Since I’m using the large size of the knowledge graph (i.e., heterogeneous graph), it is a critical issue to deal with the GPU memory size.
I guess that the reserved memory evoked the GPU OOM problem.
How can I minimize the reserved memory? As much as possible, I want to make the reserved GPU memory dynamic.
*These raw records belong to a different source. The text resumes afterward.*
Definition addable (p : seq nat) (s : square) : Prop :=
  ~~ Y p s /\ is_young (fun x => Y p x || (x == s)).
Definition removable (p : seq nat) (s : square) : Prop :=
  Y p s /\ is_young (fun x => Y p x && (x != s)).
Definition HC (r : nat) (p : seq nat) (s : square) : Prop :=
  odd (s.1 + s.2) = odd r /\ r.+1 < s.1 + s.2 /\ (addable p s \/ removable p s).

Definition psharp (r : nat) (p : seq nat) : seq nat :=
  if odd r == odd (size p) then rcons p 0 else p.
Definition kprime (r : nat) (p : seq nat) : nat := size (psharp r p).
Definition part (r : nat) (p : seq nat) (i : nat) : nat := nth 0 (psharp r p) i.-1.

Definition beta (r : nat) (p : seq nat) (i : nat) : nat := part r p i + kprime r p - i.
Definition betas (r : nat) (p : seq nat) : seq nat :=
  [seq beta r p i | i <- iota 1 (kprime r p)].

(* symbol Lambda_p: top row lambda_j (even 2 lambda_j), bottom row mu_j (odd 2 mu_j + 1) *)
Definition sym_top (r : nat) (p : seq nat) : seq nat :=
  [seq b./2 | b <- betas r p & ~~ odd b].
Definition sym_bot (r : nat) (p : seq nat) : seq nat :=
  [seq b./2 | b <- betas r p & odd b].

Definition Z1 (r : nat) (p : seq nat) (z : nat) : bool :=
  (z \in sym_top r p) != (z \in sym_bot r p).

Definition ptilde (r : nat) (p : seq nat) (i : nat) : nat := (beta r p i)./2.

Definition ends_in_HC (r : nat) (p : seq nat) (i : nat) : Prop :=
  HC r p (i, part r p i) \/ HC r p (i, (part r p i).+1).

From mathcomp Require Import all_boot zify.

(* Record p by its N = k' beta numbers b_x = p_(x+1) + N - (x+1), a strictly
   decreasing sequence.  Removing a domino lowers one beta number by 2 or two
   consecutive ones by 1, so the number of odd beta numbers is unchanged; on the
   staircase it is 0 for N = r + 1, whence 2 * #odd + r + 1 = N for p in P_r.
   The last square of row x+1 is removable iff b_x - 1 is not a beta number,
   the square after it is addable iff b_x + 1 is not, and the parity condition
   of HC(p) is the parity of b_x; counting even beta numbers shows that the
   inequality i + j > r + 1 then holds automatically.  So row x+1 ends in a
   square of HC(p) iff the partner of b_x in {2z, 2z+1}, z = b_x / 2, is not a
   beta number, i.e. iff z is a single entry of the symbol. *)

(* Rows are indexed from 0 here: [beta_num N p x] is the paper's p_i + N - i for i = x + 1. *)
Definition beta_num (N : nat) (p : seq nat) (x : nat) : nat := nth 0 p x + N - x.+1.
Definition beta_set (N : nat) (p : seq nat) : seq nat := [seq beta_num N p x | x <- iota 0 N].
Definition odd_betas (N : nat) (p : seq nat) : nat := count odd (beta_set N p).

Definition rank_invariant (r : nat) (p : seq nat) : Prop :=
  forall N, size p <= N -> odd N = ~~ odd r -> (odd_betas N p).*2 + r.+1 = N.

Lemma Y_pair p i j : Y p (i, j) = [&& 0 < i, 0 < j & j <= nth 0 p i.-1].
Proof.
rewrite /Y /=; case: i => [|i] //=; case: (ltnP i (size p)) => // i_ge.
by rewrite nth_default // andbC; case: j.
Qed.

Lemma mem_beta_set N p v : reflect (exists2 x, x < N & v = beta_num N p x) (v \in beta_set N p).
Proof.
apply: (iffP mapP) => [[x]|[x x_lt ->]]; last by exists x; rewrite // mem_iota.
by rewrite mem_iota => /andP[_ x_lt] ->; exists x.
Qed.

Lemma odd_betas_add2 N p : size p <= N -> odd_betas N.+2 p = (odd_betas N p).+1.
Proof.
move=> size_le; rewrite /odd_betas /beta_set -addn2 iotaD map_cat count_cat /=.
rewrite /beta_num !nth_default; try lia.
rewrite (_ : odd _ + (odd _ + 0) = 1); last lia.
rewrite addn1 !count_map; congr _.+1; apply: eq_in_count => x /=.
by rewrite mem_iota => /andP[_ x_lt]; lia.
Qed.

Lemma odd_betas_add_double N p m :
  size p <= N -> odd_betas (N + m.*2) p = odd_betas N p + m.
Proof.
move=> size_le; elim: m => [|m IH]; first by rewrite double0 !addn0.
by rewrite doubleS !addnS odd_betas_add2 ?IH //; lia.
Qed.

Lemma odd_betas_staircase r : odd_betas r.+1 (staircase r) = 0.
Proof.
apply/eqP; rewrite -leqn0 leqNgt -has_count.
apply/hasP => [[_ /mem_beta_set [x x_lt ->]]].
rewrite /beta_num /staircase; case: (ltnP x r) => x_r.
  by rewrite (nth_map 0) ?size_iota // nth_iota //; lia.
by rewrite nth_default ?size_map ?size_iota //; lia.
Qed.

Lemma rank_invariant_staircase r : rank_invariant r (staircase r).
Proof.
move=> N; rewrite size_map size_iota => r_le odd_N.
rewrite (_ : N = r.+1 + ((N - r.+1)./2).*2); last lia.
rewrite odd_betas_add_double ?size_map ?size_iota // odd_betas_staircase; lia.
Qed.

Lemma row_length_eq u v : (forall k, 0 < k -> (k <= u) = (k <= v)) -> u = v.
Proof.
move=> H; apply/eqP; rewrite eqn_leq; apply/andP; split.
- by case: u H => [|u] H //; rewrite -H.
- by case: v H => [|v] H //; rewrite H.
Qed.

Lemma row_length_remove u v c m : 0 < c -> 0 < m -> c + m <= v.+1 ->
  (forall k, 0 < k -> (k <= u) = (k <= v) && ~~ (c <= k < c + m)) ->
  v.+1 = c + m /\ u = c.-1.
Proof.
move=> c_gt0 m_gt0 cm_le H.
have v_eq : v.+1 = c + m by have := H c c_gt0; have := H v ltac:(lia); lia.
by split=> //; apply: row_length_eq => k k_gt0; rewrite H //; apply/idP/idP; lia.
Qed.

Lemma size_domino_step p q : domino_step p q -> size q <= size p.
Proof.
move=> [/andP[_ q_pos] [a [b [_ _ _ Yq]]]]; rewrite leqNgt; apply/negP => size_lt.
have := Yq ((size p).+1, 1); rewrite !Y_pair /= (nth_default 0 (leqnn _)) /=.
by rewrite (all_nthP 0 q_pos).
Qed.

Lemma odd_betas_shorten_row N p q x0 :
  (forall x, x != x0 -> nth 0 q x = nth 0 p x) -> (nth 0 q x0).+2 = nth 0 p x0 ->
  odd_betas N q = odd_betas N p.
Proof.
move=> q_row q_x0; rewrite /odd_betas !count_map; apply: eq_in_count => x.
rewrite mem_iota /beta_num => /andP[_ x_lt] /=.
by case: (eqVneq x x0) x_lt => [-> x0_lt|x_ne _]; [rewrite -q_x0; lia | rewrite q_row].
Qed.

Lemma count_odd_split N x0 (f : nat -> nat) : x0.+1 < N ->
  count odd (map f (iota 0 N)) = count odd (map f (iota 0 x0)) + (odd (f x0) + odd (f x0.+1))
     + count odd (map f (iota x0.+2 (N - x0.+2))).
Proof.
move=> x0_lt; rewrite {1}(_ : N = x0 + (2 + (N - x0.+2))); last lia.
by rewrite !iotaD !map_cat !count_cat /= add0n addn0 addnA (_ : x0 + 2 = x0.+2) //; lia.
Qed.

Lemma odd_betas_shorten_rows2 N p q x0 : x0.+1 < N ->
  (forall x, x != x0 -> x != x0.+1 -> nth 0 q x = nth 0 p x) ->
  nth 0 p x0.+1 = nth 0 p x0 ->
  (nth 0 q x0).+1 = nth 0 p x0 -> (nth 0 q x0.+1).+1 = nth 0 p x0.+1 ->
  odd_betas N q = odd_betas N p.
Proof.
move=> x0_lt q_row p_eq q_x0 q_x1.
rewrite /odd_betas /beta_set !(count_odd_split _ _ (beta_num N _) x0_lt).
congr (_ + _ + _).
- rewrite !count_map; apply: eq_in_count => x; rewrite mem_iota => /andP[_ x_lt] /=.
  by rewrite /beta_num q_row //; lia.
- by rewrite /beta_num; lia.
- rewrite !count_map; apply: eq_in_count => x; rewrite mem_iota => /andP[x_ge _] /=.
  by rewrite /beta_num q_row //; lia.
Qed.

Lemma odd_betas_domino_step N p q :
  domino_step p q -> size p <= N -> odd_betas N q = odd_betas N p.
Proof.
move=> [_ [[i j] [[i' j'] [adj Ya Yb Yq]]]] size_le.
have q_rows x k : 0 < k -> (k <= nth 0 q x) =
    [&& k <= nth 0 p x, (x.+1, k) != (i, j) & (x.+1, k) != (i', j')].
  by move=> k_gt0; have := Yq (x.+1, k); rewrite !Y_pair /= k_gt0.
rewrite !Y_pair /= in Ya Yb; move: Ya Yb => /and3P[i_gt0 j_gt0 j_le] /and3P[i'_gt0 j'_gt0 j'_le].
case/orP: adj => /andP[/eqP /= ij_eq /eqP /= ij'_eq]; subst.
- have [p_row q_row] : (nth 0 p i'.-1).+1 = j + 2 /\ nth 0 q i'.-1 = j.-1.
    by apply: row_length_remove => // [|k k_gt0]; [lia | rewrite q_rows // !xpair_eqE; lia].
  apply: (@odd_betas_shorten_row _ _ _ i'.-1) => [x x_ne|]; last lia.
  by apply: row_length_eq => k k_gt0; rewrite q_rows // !xpair_eqE; lia.
- rewrite /= in j'_le; have i_lt : i < size p.
    by rewrite ltnNge; apply: contraTN j'_le => /(nth_default 0) ->; lia.
  have [p_row0 q_row0] : (nth 0 p i.-1).+1 = j' + 1 /\ nth 0 q i.-1 = j'.-1.
    by apply: row_length_remove => // [|k k_gt0]; [lia | rewrite q_rows // !xpair_eqE; lia].
  have [p_row1 q_row1] : (nth 0 p i).+1 = j' + 1 /\ nth 0 q i = j'.-1.
    by apply: row_length_remove => // [|k k_gt0]; [lia | rewrite q_rows // !xpair_eqE; lia].
  apply: (@odd_betas_shorten_rows2 _ _ _ i.-1) => [|x x_ne0 x_ne1|||]; rewrite ?prednK //; try lia.
  by apply: row_length_eq => k k_gt0; rewrite q_rows // !xpair_eqE; lia.
Qed.

Lemma rank_invariant_domino_step r p q :
  domino_step p q -> rank_invariant r q -> rank_invariant r p.
Proof.
move=> step q_inv N size_le odd_N; rewrite -(odd_betas_domino_step _ _ _ step size_le).
by apply: q_inv odd_N; exact: leq_trans (size_domino_step _ _ step) size_le.
Qed.

Lemma in_P_rank_invariant r p : in_P r p -> rank_invariant r p.
Proof.
move=> [_ red].
have [s red_s s_eq] : exists2 s, reduces p s & s = staircase r by exists (staircase r).
elim: red_s s_eq {red} => [p' ->|p' q s' step _ IH s_eq]; first exact: rank_invariant_staircase.
exact: rank_invariant_domino_step step (IH s_eq).
Qed.

Lemma partition_nth_nonincr p x y : is_partition p -> x <= y -> nth 0 p y <= nth 0 p x.
Proof.
move=> /andP[p_sorted _] x_le_y; case: (ltnP y (size p)) => y_lt; last by rewrite nth_default.
apply: (sorted_leq_nth (rev_trans leq_trans) leqnn 0 p_sorted) => //; rewrite inE //.
exact: leq_ltn_trans y_lt.
Qed.

Lemma partition_nth_gt0 p x : is_partition p -> x < size p -> 0 < nth 0 p x.
Proof. by move=> /andP[_ /all_nthP p_pos]; apply: p_pos. Qed.

Lemma young_Y p : is_partition p -> is_young (Y p).
Proof.
move=> p_part i j; rewrite !Y_pair => /and3P[i_gt0 j_gt0 j_le]; split=> // lt1.
- by rewrite j_gt0 /=; have := partition_nth_nonincr p i.-2 i.-1 p_part; lia.
- lia.
Qed.

Lemma removable_iff p i j : is_partition p ->
  removable p (i, j) <-> [/\ 0 < i, 0 < j, j = nth 0 p i.-1 & nth 0 p i < j].
Proof.
move=> p_part; split=> [[Ys young_minus]|[i_gt0 j_gt0 j_eq p_lt]].
  move: (Ys); rewrite Y_pair => /and3P[i_gt0 j_gt0 j_le]; split=> //.
  - apply/eqP; rewrite eqn_leq j_le leqNgt; apply/negP => j_lt.
    have : Y p (i, j.+1) && ((i, j.+1) != (i, j)) by rewrite Y_pair xpair_eqE /=; lia.
    by move/(young_minus i j.+1) => [_ _ _ /(_ j_gt0)]; rewrite Y_pair xpair_eqE /=; lia.
  - rewrite ltnNge; apply/negP => j_le'.
    have : Y p (i.+1, j) && ((i.+1, j) != (i, j)) by rewrite Y_pair xpair_eqE /=; lia.
    by move/(young_minus i.+1 j) => [_ _ /(_ i_gt0)]; rewrite Y_pair xpair_eqE /=; lia.
split; first by rewrite Y_pair i_gt0 j_gt0 j_eq leqnn.
move=> a b /andP[Yab ab_ne]; have [a_gt0 b_gt0 Yup Yleft] := young_Y _ p_part _ _ Yab.
move: Yab; rewrite Y_pair => /and3P[_ _ b_le].
split=> // lt1; [rewrite Yup // | rewrite Yleft //]; apply/eqP => -[a_eq b_eq];
  by move: b_le; rewrite a_eq in lt1 *; lia.
Qed.

Lemma addable_iff p i j : is_partition p ->
  addable p (i, j) <-> [/\ 0 < i, j = (nth 0 p i.-1).+1 & (1 < i -> j <= nth 0 p i.-2)].
Proof.
move=> p_part; split=> [[Ys young_plus]|[i_gt0 j_eq j_le_up]].
  have := young_plus i j; rewrite eqxx orbT => /(_ isT) [i_gt0 j_gt0 Yup Yleft].
  move: Ys; rewrite Y_pair i_gt0 j_gt0 /= -ltnNge => j_gt; split=> //.
  - case: (ltnP 1 j) => j_gt1; last lia.
    move: (Yleft j_gt1); rewrite Y_pair xpair_eqE eqxx /=; lia.
  - move=> i_gt1; move: (Yup i_gt1); rewrite Y_pair xpair_eqE /=; lia.
split; first by rewrite Y_pair i_gt0 j_eq /=; lia.
move=> a b /orP[Yab|/eqP [-> ->]].
  have [a_gt0 b_gt0 Yup Yleft] := young_Y _ p_part _ _ Yab.
  by split=> // lt1; [rewrite Yup | rewrite Yleft].
split=> // [|i_gt1|j_gt1]; first by rewrite j_eq.
- by rewrite Y_pair; have := j_le_up i_gt1; lia.
- by rewrite Y_pair; lia.
Qed.

Lemma beta_num_ltn N p x y :
  is_partition p -> x < y -> y < N -> beta_num N p y < beta_num N p x.
Proof.
move=> p_part x_lt y_lt; have := partition_nth_nonincr p x y p_part (ltnW x_lt).
by rewrite /beta_num; lia.
Qed.

Lemma count_even_iota k : count (fun v => ~~ odd v) (iota 0 k) = uphalf k.
Proof. by elim: k => [|k IH] //; rewrite -addn1 iotaD count_cat IH /= addn0; lia. Qed.

Lemma count_even_beta_set_le N p x m : is_partition p -> x < N ->
  (forall y, x < y < N -> ~~ odd (beta_num N p y) -> beta_num N p y < m) ->
  count (fun v => ~~ odd v) (beta_set N p) <= x + ~~ odd (beta_num N p x) + uphalf m.
Proof.
move=> p_part x_lt below_m.
rewrite /beta_set [in iota 0 N](_ : N = x + (1 + (N - x.+1))); last lia.
rewrite !iotaD !map_cat !count_cat /= add0n addn0 -addnA leq_add //.
  by rewrite (leq_trans (count_size _ _)) // size_map size_iota.
rewrite leq_add // -count_even_iota -!size_filter uniq_leq_size //.
  rewrite filter_uniq // map_inj_in_uniq ?iota_uniq // => y z.
  rewrite !mem_iota => y_in z_in b_eq.
  apply/eqP; case: ltngtP => [y_lt|z_lt|//].
  - by have := beta_num_ltn N p y z p_part y_lt; lia.
  - by have := beta_num_ltn N p z y p_part z_lt; lia.
move=> v; rewrite !mem_filter => /andP[v_even /mapP[y]]; rewrite mem_iota => y_in v_eq; subst v.
by rewrite mem_iota v_even /= add0n below_m //; lia.
Qed.

Lemma neq_mem_half_pair (B : seq nat) b : b \in B ->
  (((b./2).*2 \in B) != ((b./2).*2.+1 \in B)) = if odd b then b.-1 \notin B else b.+1 \notin B.
Proof.
move=> b_in; case: ifP => b_odd.
  have -> : (b./2).*2 = b.-1 by lia.
  by rewrite prednK ?b_in; [case: (_ \in B) | lia].
have -> : (b./2).*2 = b by lia.
by rewrite b_in.
Qed.

Lemma eq_of_half_pair (B : seq nat) b c : b \in B -> c \in B -> b./2 = c./2 ->
  ((b./2).*2 \in B) != ((b./2).*2.+1 \in B) -> b = c.
Proof.
move=> b_in c_in half_eq; apply: contraNeq => b_ne.
have [b_odd|b_even] := boolP (odd b).
- have -> : (b./2).*2.+1 = b by lia.
  have -> : (b./2).*2 = c by lia.
  by rewrite b_in c_in.
- have -> : (b./2).*2.+1 = c by lia.
  have -> : (b./2).*2 = b by lia.
  by rewrite b_in c_in.
Qed.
Thank you for reading this question.
—
[Update]
When I try to use PYTORCH_NO_CUDA_MEMORY_CACHING=1 like here, it returned weird results as below.
FOLD 0
Data processing...
Done
[GPU] After model init | Allocated: 0.00 MB | Reserved: 0.00 MB
Starting to train and test model
0%| | 0/6410 [00:00<?, ?it/s][GPU] After loading datasets on the GPU | Allocated: 0.00 MB | Reserved: 0.00 MB
[GPU] After forward | Allocated: 0.00 MB | Reserved: 0.00 MB
[GPU] After backward | Allocated: 0.00 MB | Reserved: 0.00 MB
[GPU] After update | Allocated: 0.00 MB | Reserved: 0.00 MB
0%| | 1/6410 [00:02<3:37:10, 2.03s/it][GPU] After loading datasets on the GPU | Allocated: 0.00 MB | Reserved: 0.00 MB
[GPU] After forward | Allocated: 0.00 MB | Reserved: 0.00 MB
[GPU] After backward | Allocated: 0.00 MB | Reserved: 0.00 MB
[GPU] After update | Allocated: 0.00 MB | Reserved: 0.00 MB
0%| | 2/6410 [00:02<2:30:08, 1.41s/it][GPU] After loading datasets on the GPU | Allocated: 0.00 MB | Reserved: 0.00 MB
[GPU] After forward | Allocated: 0.00 MB | Reserved: 0.00 MB
[GPU] After backward | Allocated: 0.00 MB | Reserved: 0.00 MB
[GPU] After update | Allocated: 0.00 MB | Reserved: 0.00 MB
0%| | 3/6410 [00:06<4:02:45, 2.27s/it][GPU] After loading datasets on the GPU | Allocated: 0.00 MB | Reserved: 0.00 MB
[GPU] After forward | Allocated: 0.00 MB | Reserved: 0.00 MB
[GPU] After backward | Allocated: 0.00 MB | Reserved: 0.00 MB
[GPU] After update | Allocated: 0.00 MB | Reserved: 0.00 MB
0%| | 4/6410 [00:07<3:11:50, 1.80s/it][GPU] After loading datasets on the GPU | Allocated: 0.00 MB | Reserved: 0.00 MB
[GPU] After forward | Allocated: 0.00 MB | Reserved: 0.00 MB
[GPU] After backward | Allocated: 0.00 MB | Reserved: 0.00 MB
[GPU] After update | Allocated: 0.00 MB | Reserved: 0.00 MB
0%| | 5/6410 [00:10<3:49:19, 2.15s/it][GPU] After loading datasets on the GPU | Allocated: 0.00 MB | Reserved: 0.00 MB
[GPU] After forward | Allocated: 0.00 MB | Reserved: 0.00 MB
0%| | 5/6410 [00:13<4:40:21, 2.63s/it]
Traceback (most recent call last):
File "/scratch/r902a02/workspace/KG-SLomics_Revision/src_27_RGAT_neg/ForGitHub/NegativeRatio/train_weightedloss_fixmetrics_addMLP_subgraphs_weightededges_AMP.py", line 332, in <module>
train(args)
File "/scratch/r902a02/workspace/KG-SLomics_Revision/src_27_RGAT_neg/ForGitHub/NegativeRatio/train_weightedloss_fixmetrics_addMLP_subgraphs_weightededges_AMP.py", line 102, in train
scaler.scale(tr_loss_mean).backward()
File "/scratch/r902a02/.conda/envs/notebook/lib/python3.10/site-packages/torch/_tensor.py", line 626, in backward
torch.autograd.backward(
File "/scratch/r902a02/.conda/envs/notebook/lib/python3.10/site-packages/torch/autograd/__init__.py", line 347, in backward
_engine_run_backward(
File "/scratch/r902a02/.conda/envs/notebook/lib/python3.10/site-packages/torch/autograd/graph.py", line 823, in _engine_run_backward
return Variable._execution_engine.run_backward( # Calls into the C++ engine to run the backward pass
RuntimeError: CUDA error: out of memory
CUDA kernel errors might be asynchronously reported at some other API call, so the stacktrace below might be incorrect.
For debugging consider passing CUDA_LAUNCH_BLOCKING=1
Compile with `TORCH_USE_CUDA_DSA` to enable device-side assertions.